Here is another way to think about it. Without the effects of inflation over the past century, goods and services would cost about the same as before. Imagine paying ten cents for a loaf of bread, or ten cents for a gallon of gasoline.
 

Effects Of Inflation Are Volatile

Besides being cumulative, the effects of inflation are also volatile. Each period of high inflation pictured on the chart above was followed by a longer period of significantly lower inflation.

In 1919, the rate of inflation was 14.55 percent. This came on top of three prior years of double-digit increases in 1918 (20.44%), 1917 (18.10%), and 1916 (12.62%).

The brutal effects on the U.S. dollar were that it lost purchasing power of more than fifty percent during those four years alone. A dollar at the end of 1915 was worth only 48 cents by the end of 1919.

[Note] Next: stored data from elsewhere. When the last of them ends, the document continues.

(* There is no maximal chain from x to y unless x <= y; Phi y x is then empty. *)
Definition Phi y x : L x -> option (L y) :=
  match excluded_middle_informative (inhabited (mchain x y)) with
  | left ch => chain_comp phi (epsilon ch (fun _ => True))
  | right _ => fun _ => None
  end.
Arguments Phi : clear implicits.

Lemma PhiE x y (c : mchain x y) : Phi y x =1 chain_comp phi c.
Proof.
rewrite /Phi; case: excluded_middle_informative => [ch | []]; last exact: inhabits c.
exact: chain_comp_indep.
Qed.

Lemma Phi_id x : Phi x x =1 (fun a => Some a).
Proof. exact: PhiE (mch_nil x). Qed.

Lemma Phi_covers x y : covers x y -> Phi y x = phi y x.
Proof.
move=> xy; apply: functional_extensionality => a.
by rewrite (PhiE (mch_cons xy (mch_nil y))) /= pcomp_idl.
Qed.

Lemma Phi_trans x z y : x <= z -> z <= y -> Phi y x = pcomp (Phi y z) (Phi z x).
Proof.
move=> xz zy; have [c1] := finite_length_mchain S_finite xz.
have [c2] := finite_length_mchain S_finite zy.
apply: functional_extensionality => a.
rewrite (PhiE (mchain_cat c1 c2)) chain_comp_cat.
exact: pcomp_ext (fsym (PhiE c1)) (fsym (PhiE c2)) a.
Qed.

Hypothesis phi_filter_ideal_iso : forall x y, covers x y -> filter_ideal_iso (phi y x).

Lemma filter_ideal_iso_Phi x y : x <= y -> filter_ideal_iso (Phi y x).
Proof.
move=> xy; have [c] := finite_length_mchain S_finite xy.
rewrite (functional_extensionality _ _ (PhiE c)).
elim: c {xy} => [z | z a w za c IH] /=; first exact: filter_ideal_iso_id.
exact: filter_ideal_iso_pcomp (phi_filter_ideal_iso za) IH.
Qed.

Hypothesis phi_im_diamond : forall x y, diamond x y -> forall b,
  pim (phi (x `|` y) x) b -> pim (phi (x `|` y) y) b ->
  pim (pcomp (phi (x `|` y) x) (phi x (x `&` y))) b.

Lemma Phi_im_meet x y b :
  pim (Phi (x `|` y) x) b -> pim (Phi (x `|` y) y) b -> pim (Phi (x `|` y) (x `&` y)) b.
Proof.
move: x y b; apply: (square_ind S_modular S_finite).
- by move=> x y IH; rewrite meetC joinC => b hy hx; apply: IH.
- by move=> x y xy; rewrite (meet_l xy) (join_r xy).
- move=> x y dxy b; case: (dxy) => cov_x [cov_y [cov_xj cov_yj]].
  rewrite (Phi_trans (leIl x y) (leUl x y)) !Phi_covers //.
  exact: phi_im_diamond dxy b.
move=> x y x' mx' x'x IH1 IH2 b hx hy.
have [x'y_meet x_meet x_join] := modular_glue S_modular (ltW mx') (ltW x'x).
rewrite x'y_meet in IH1; rewrite x_meet x_join in IH2.
have kj : x' `|` y <= x `|` y by rewrite leU2 // ltW.
rewrite (Phi_trans (leUr y x') kj) in hy.
have hk : pim (Phi (x `|` y) (x' `|` y)) b.
  by case: hy => a /pcomp_SomeP [c _ kc]; exists c.
have := IH2 b hx hk; rewrite (Phi_trans (leUl x' y) kj) => hx'.
have k_inj := (filter_ideal_iso_Phi kj).2.2.1.
have [c [kc hcx' hcy]] := pim_pcomp_inj k_inj hx' hy.
rewrite (Phi_trans (le_trans (ltW mx') (leUl x' y)) kj).
exact: pim_pcomp (IH1 c hcx' hcy) kc.
Qed.

Hypothesis phi_dom_diamond : forall x y, diamond x y -> forall a,
  pdom (phi x (x `&` y)) a -> pdom (phi y (x `&` y)) a ->
  pdom (pcomp (phi (x `|` y) x) (phi x (x `&` y))) a.

Lemma Phi_dom_join x y a :
  pdom (Phi x (x `&` y)) a -> pdom (Phi y (x `&` y)) a -> pdom (Phi (x `|` y) (x `&` y)) a.
Proof.
move: x y a; apply: (square_ind S_modular S_finite).
- by move=> x y IH; rewrite meetC joinC => a hy hx; apply: IH.
- by move=> x y xy; rewrite (meet_l xy) (join_r xy).
- move=> x y dxy a; case: (dxy) => cov_x [cov_y [cov_xj cov_yj]].
  rewrite (Phi_trans (leIl x y) (leUl x y)) !Phi_covers //.
  exact: phi_dom_diamond dxy a.
move=> x y x' mx' x'x IH1 IH2 a hx hy.
have [x'y_meet x_meet x_join] := modular_glue S_modular (ltW mx') (ltW x'x).
rewrite x'y_meet in IH1; rewrite x_meet x_join in IH2.
have x'j : x' <= x `|` y by rewrite (le_trans (ltW x'x)) ?leUl.
rewrite (Phi_trans (ltW mx') (ltW x'x)) in hx.
case/pdom_pcompP: hx => c ac hc.
have a_dom : pdom (Phi x' (x `&` y)) a by rewrite /pdom ac.
have := IH1 a a_dom hy.
rewrite (Phi_trans (ltW mx') (leUl x' y)) => /pdom_pcompP[c' ac' hc'].
have c'E : c' = c by move: ac'; rewrite ac => -[].
rewrite c'E in hc'.
rewrite (Phi_trans (ltW mx') x'j); apply/pdom_pcompP; exists c => //.
exact: IH2.
Qed.

End ConnectedSystem.

Theorem theorem4p3 (d : Order.disp_t) (S : latticeType d)
  (dL : S -> Order.disp_t) (L : forall x : S, latticeType (dL x))
  (phi : forall y x : S, L x -> option (L y)) :
  modular_lattice S -> finite_length S ->
  locally_connected_system L phi ->
  exists Phi : forall y x : S, L x -> option (L y),
    (forall (x y : S) (c : mchain x y), Phi y x =1 chain_comp phi c) /\
    connected_system L Phi.
Proof.
move=> S_modular S_finite [L_finite [phi_covers [phi_diamond [phi_im phi_dom]]]].
have phi_fii x y (xy : covers x y) := (phi_covers x y xy).2.
have fii_Phi := filter_ideal_iso_Phi S_modular S_finite phi_diamond phi_fii.
exists (Phi phi); split; first exact: PhiE.
split; first exact: L_finite.
split; first by move=> x y /fii_Phi [_ [_ []]].
split; first by move=> x y xy _; apply: fii_Phi.
split; first exact: Phi_id.
split.
  move=> x y xy empty; have [[a a_dom] _] := phi_covers x y xy.
  by apply: a_dom; rewrite -(Phi_covers S_modular S_finite phi_diamond xy).
split; first by move=> x z y xz zy; rewrite (Phi_trans S_modular S_finite phi_diamond xz zy).
split; first exact: Phi_im_meet.
exact: Phi_dom_join.
Qed.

Then, a funny thing happened on the way to 'hyperinflation'. During 1920, the rate of inflation fell to a very modest 2.65%. Next up were twelve years of net deflation. Prices declined in eight of those eleven years.

The net effect was that $1 at the end of 1920 was worth $1.71 at the end of 1932 - a whopping seventy percent increase in purchasing power.

The original $1 at the end of 1915, which had dropped to a value of 47 cents at the end of 1920, was now worth more than 80 cents.

All of this occurred against the backdrop of World War I, a collapse in commodity prices worldwide, a depression in rural America during the 1920s, the Roaring Twenties, a collapse in Florida real estate, the stock market collapse in 1929, a full-scale worldwide depression and a Federal Reserve which jumped back and forth between lowering interest rates and raising them.
 

Expect The Unexpected

All fiat currencies are inherently inflationary because there is no restraint on the government to act prudently when it comes to finances. As long as that is the case it is reasonable to expect the effects of inflation to continue pretty much unabated.

Also, those effects are cumulative and volatile. So, expect them to get worse, realistically so; but allow for the possibility of periods that may not resemble your expectations.

The situation is not hopeless, however. There will be periods of moderately lower effects, even deflation on occasion. Just when it seems to be about as bad as it can be, the tide turns. There is also an end to inflation.